Wherever the listing has a line with the string "move", copy that line out.

DATA FOR THE TASK START

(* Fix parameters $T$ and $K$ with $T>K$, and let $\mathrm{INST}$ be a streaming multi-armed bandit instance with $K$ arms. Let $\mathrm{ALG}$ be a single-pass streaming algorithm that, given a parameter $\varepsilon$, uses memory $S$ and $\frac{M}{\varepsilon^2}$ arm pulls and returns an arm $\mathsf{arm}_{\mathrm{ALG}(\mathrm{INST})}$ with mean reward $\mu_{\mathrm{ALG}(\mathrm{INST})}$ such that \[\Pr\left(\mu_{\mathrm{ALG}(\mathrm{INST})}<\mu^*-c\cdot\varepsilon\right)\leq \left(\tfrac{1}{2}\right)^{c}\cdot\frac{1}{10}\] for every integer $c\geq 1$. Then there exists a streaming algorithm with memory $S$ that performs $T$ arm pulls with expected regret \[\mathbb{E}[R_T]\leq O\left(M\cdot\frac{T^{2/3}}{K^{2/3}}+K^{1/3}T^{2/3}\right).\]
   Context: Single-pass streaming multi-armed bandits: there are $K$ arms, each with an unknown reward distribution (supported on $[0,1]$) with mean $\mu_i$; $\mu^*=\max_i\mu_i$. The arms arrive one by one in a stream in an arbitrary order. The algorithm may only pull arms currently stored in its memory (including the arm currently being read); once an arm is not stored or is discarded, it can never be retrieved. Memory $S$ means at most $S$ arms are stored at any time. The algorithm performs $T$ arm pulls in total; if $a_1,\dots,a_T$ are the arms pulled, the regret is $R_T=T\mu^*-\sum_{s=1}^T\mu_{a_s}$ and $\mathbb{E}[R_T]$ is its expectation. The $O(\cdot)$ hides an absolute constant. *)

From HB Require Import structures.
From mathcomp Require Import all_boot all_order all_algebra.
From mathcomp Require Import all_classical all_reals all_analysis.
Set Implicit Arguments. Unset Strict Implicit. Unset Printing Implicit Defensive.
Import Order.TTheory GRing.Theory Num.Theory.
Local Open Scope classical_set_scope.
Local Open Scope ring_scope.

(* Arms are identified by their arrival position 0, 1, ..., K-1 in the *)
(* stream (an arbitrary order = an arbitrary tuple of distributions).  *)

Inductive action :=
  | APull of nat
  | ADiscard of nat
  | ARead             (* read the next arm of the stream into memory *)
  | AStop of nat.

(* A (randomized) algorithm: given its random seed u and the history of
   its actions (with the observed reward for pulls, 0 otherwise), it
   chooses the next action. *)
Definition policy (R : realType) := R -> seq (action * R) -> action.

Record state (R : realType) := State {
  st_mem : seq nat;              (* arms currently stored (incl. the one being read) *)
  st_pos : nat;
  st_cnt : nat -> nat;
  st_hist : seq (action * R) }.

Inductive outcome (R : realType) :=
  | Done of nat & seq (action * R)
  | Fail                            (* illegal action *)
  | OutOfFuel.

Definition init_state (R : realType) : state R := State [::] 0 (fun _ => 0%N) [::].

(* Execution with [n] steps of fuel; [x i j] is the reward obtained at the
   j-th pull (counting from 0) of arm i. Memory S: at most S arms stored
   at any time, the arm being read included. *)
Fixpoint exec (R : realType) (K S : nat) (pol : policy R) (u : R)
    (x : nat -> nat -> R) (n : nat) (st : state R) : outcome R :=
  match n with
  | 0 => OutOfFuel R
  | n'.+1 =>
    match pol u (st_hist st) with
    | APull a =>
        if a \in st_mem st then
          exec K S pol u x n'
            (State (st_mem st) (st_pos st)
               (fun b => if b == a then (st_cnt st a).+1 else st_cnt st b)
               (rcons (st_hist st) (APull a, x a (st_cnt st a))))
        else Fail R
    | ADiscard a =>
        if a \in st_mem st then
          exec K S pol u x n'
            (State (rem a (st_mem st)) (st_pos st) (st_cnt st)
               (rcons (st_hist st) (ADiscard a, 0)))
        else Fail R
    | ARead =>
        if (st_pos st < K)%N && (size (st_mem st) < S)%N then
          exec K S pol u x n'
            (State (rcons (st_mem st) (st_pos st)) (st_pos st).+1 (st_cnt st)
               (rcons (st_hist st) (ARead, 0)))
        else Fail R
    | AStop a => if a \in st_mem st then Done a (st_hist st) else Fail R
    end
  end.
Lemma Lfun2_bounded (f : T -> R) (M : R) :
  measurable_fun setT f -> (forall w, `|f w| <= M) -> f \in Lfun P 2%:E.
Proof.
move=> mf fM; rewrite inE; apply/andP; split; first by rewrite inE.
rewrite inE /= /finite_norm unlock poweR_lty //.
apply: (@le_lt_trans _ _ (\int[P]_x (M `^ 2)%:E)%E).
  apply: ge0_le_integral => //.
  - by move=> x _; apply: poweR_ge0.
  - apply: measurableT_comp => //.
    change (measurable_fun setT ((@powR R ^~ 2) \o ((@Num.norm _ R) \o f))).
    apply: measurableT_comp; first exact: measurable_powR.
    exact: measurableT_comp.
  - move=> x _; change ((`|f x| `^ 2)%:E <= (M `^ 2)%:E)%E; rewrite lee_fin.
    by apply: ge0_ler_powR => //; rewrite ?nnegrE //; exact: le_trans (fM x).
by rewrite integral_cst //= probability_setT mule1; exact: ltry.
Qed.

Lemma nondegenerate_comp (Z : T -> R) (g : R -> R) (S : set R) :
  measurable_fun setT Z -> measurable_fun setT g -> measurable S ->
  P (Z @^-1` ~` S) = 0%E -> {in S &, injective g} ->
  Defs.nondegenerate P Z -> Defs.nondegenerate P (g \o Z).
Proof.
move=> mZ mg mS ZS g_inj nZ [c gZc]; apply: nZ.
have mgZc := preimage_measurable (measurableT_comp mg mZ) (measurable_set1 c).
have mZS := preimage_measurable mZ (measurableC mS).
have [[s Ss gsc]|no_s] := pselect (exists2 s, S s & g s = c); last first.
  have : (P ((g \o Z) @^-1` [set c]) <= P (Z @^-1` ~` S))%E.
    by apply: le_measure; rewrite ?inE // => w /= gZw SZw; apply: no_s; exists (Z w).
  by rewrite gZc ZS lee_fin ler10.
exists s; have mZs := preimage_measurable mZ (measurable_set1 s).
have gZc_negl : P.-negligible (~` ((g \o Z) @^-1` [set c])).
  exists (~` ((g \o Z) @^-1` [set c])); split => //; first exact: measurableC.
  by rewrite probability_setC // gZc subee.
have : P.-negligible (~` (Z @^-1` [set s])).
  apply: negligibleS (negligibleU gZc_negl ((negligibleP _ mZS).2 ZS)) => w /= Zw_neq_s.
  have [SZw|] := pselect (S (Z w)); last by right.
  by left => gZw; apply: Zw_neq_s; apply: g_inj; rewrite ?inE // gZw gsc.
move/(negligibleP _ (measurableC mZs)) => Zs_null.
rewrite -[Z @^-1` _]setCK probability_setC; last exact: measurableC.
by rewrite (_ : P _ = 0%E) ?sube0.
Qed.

DATA FOR THE TASK END

OUTPUT OF THE EXERCISE:
move=> mf fM; rewrite inE; apply/andP; split; first by rewrite inE.
  - by move=> x _; apply: poweR_ge0.
  - move=> x _; change ((`|f x| `^ 2)%:E <= (M `^ 2)%:E)%E; rewrite lee_fin.
move=> mZ mg mS ZS g_inj nZ [c gZc]; apply: nZ.
move/(negligibleP _ (measurableC mZs)) => Zs_null.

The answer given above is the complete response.